◆ **What you need to do**:
Where the data below has the string "Hord", return the whole line.

*** Opening of Data records ***

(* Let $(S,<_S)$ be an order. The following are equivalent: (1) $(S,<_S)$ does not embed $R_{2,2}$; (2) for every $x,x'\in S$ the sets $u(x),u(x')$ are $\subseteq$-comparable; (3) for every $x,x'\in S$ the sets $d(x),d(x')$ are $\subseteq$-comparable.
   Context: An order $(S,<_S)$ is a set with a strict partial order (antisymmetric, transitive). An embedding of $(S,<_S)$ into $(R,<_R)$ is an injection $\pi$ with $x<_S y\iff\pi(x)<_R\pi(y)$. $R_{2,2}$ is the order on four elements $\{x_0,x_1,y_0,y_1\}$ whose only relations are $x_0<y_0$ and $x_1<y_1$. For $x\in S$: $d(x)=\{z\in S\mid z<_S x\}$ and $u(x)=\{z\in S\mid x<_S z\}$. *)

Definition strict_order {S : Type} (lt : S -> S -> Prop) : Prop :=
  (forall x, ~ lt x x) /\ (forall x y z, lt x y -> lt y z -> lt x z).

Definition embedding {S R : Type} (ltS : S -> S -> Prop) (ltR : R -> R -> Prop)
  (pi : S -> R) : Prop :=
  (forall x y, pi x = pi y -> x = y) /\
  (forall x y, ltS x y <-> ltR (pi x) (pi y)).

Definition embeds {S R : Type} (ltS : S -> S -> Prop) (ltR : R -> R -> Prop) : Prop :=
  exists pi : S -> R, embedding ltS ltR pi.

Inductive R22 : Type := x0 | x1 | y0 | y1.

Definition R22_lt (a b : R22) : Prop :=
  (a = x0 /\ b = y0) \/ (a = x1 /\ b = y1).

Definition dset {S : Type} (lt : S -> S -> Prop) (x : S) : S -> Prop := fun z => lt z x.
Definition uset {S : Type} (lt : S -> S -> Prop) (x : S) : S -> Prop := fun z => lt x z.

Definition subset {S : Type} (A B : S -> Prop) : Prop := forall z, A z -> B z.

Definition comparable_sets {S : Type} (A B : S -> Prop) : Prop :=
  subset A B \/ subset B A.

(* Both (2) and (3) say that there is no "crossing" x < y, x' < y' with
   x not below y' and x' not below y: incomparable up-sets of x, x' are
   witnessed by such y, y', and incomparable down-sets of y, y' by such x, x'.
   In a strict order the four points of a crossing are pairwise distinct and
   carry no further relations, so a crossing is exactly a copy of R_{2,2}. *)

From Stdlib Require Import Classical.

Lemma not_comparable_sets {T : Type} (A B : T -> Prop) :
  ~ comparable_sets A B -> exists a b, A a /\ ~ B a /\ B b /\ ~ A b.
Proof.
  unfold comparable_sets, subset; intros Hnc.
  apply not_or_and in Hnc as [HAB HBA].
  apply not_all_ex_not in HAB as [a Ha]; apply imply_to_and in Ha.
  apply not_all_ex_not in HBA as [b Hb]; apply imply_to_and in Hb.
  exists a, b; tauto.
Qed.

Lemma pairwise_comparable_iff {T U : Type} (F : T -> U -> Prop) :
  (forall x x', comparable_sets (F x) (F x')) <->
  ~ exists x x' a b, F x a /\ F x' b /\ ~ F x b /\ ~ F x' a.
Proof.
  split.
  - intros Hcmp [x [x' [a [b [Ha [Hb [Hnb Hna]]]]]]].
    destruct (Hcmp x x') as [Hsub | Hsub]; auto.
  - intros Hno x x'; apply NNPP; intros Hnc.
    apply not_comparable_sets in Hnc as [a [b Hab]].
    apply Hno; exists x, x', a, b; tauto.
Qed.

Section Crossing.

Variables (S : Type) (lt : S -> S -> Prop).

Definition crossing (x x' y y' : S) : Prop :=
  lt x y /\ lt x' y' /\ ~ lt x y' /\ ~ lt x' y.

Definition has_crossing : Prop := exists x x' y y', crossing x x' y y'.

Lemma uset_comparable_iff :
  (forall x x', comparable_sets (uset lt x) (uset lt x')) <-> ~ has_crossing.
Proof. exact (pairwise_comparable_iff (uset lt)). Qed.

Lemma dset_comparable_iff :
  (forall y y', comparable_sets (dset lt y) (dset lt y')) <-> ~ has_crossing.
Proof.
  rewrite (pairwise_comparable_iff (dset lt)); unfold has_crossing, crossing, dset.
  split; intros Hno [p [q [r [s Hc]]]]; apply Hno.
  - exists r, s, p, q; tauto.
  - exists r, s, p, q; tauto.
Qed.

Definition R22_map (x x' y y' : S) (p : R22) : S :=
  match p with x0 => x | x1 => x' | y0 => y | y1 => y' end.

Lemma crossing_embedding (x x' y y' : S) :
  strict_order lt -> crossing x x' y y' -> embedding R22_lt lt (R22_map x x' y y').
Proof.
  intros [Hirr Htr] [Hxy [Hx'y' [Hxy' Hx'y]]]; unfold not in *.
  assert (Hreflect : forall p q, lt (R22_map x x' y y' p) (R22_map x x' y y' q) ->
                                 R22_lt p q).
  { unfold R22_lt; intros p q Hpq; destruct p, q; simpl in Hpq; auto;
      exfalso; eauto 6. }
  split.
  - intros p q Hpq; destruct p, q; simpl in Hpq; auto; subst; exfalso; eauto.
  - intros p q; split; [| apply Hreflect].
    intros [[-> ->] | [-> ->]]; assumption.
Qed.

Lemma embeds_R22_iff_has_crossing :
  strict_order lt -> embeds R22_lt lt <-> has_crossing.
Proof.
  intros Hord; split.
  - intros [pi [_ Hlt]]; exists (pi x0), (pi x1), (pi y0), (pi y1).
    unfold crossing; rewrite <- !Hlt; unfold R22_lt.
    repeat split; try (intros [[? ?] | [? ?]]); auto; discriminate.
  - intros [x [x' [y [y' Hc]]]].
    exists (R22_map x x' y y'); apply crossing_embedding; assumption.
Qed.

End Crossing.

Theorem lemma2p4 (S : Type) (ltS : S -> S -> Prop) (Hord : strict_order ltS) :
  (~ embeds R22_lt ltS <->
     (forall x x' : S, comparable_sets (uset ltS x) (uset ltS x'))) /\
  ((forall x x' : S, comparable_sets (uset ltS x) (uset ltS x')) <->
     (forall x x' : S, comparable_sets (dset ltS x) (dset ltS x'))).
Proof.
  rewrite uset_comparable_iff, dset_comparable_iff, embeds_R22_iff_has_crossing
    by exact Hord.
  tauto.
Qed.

*** Close of Data records ***

◆ **Task result**:
  intros Hord; split.
Theorem lemma2p4 (S : Type) (ltS : S -> S -> Prop) (Hord : strict_order ltS) :
    by exact Hord.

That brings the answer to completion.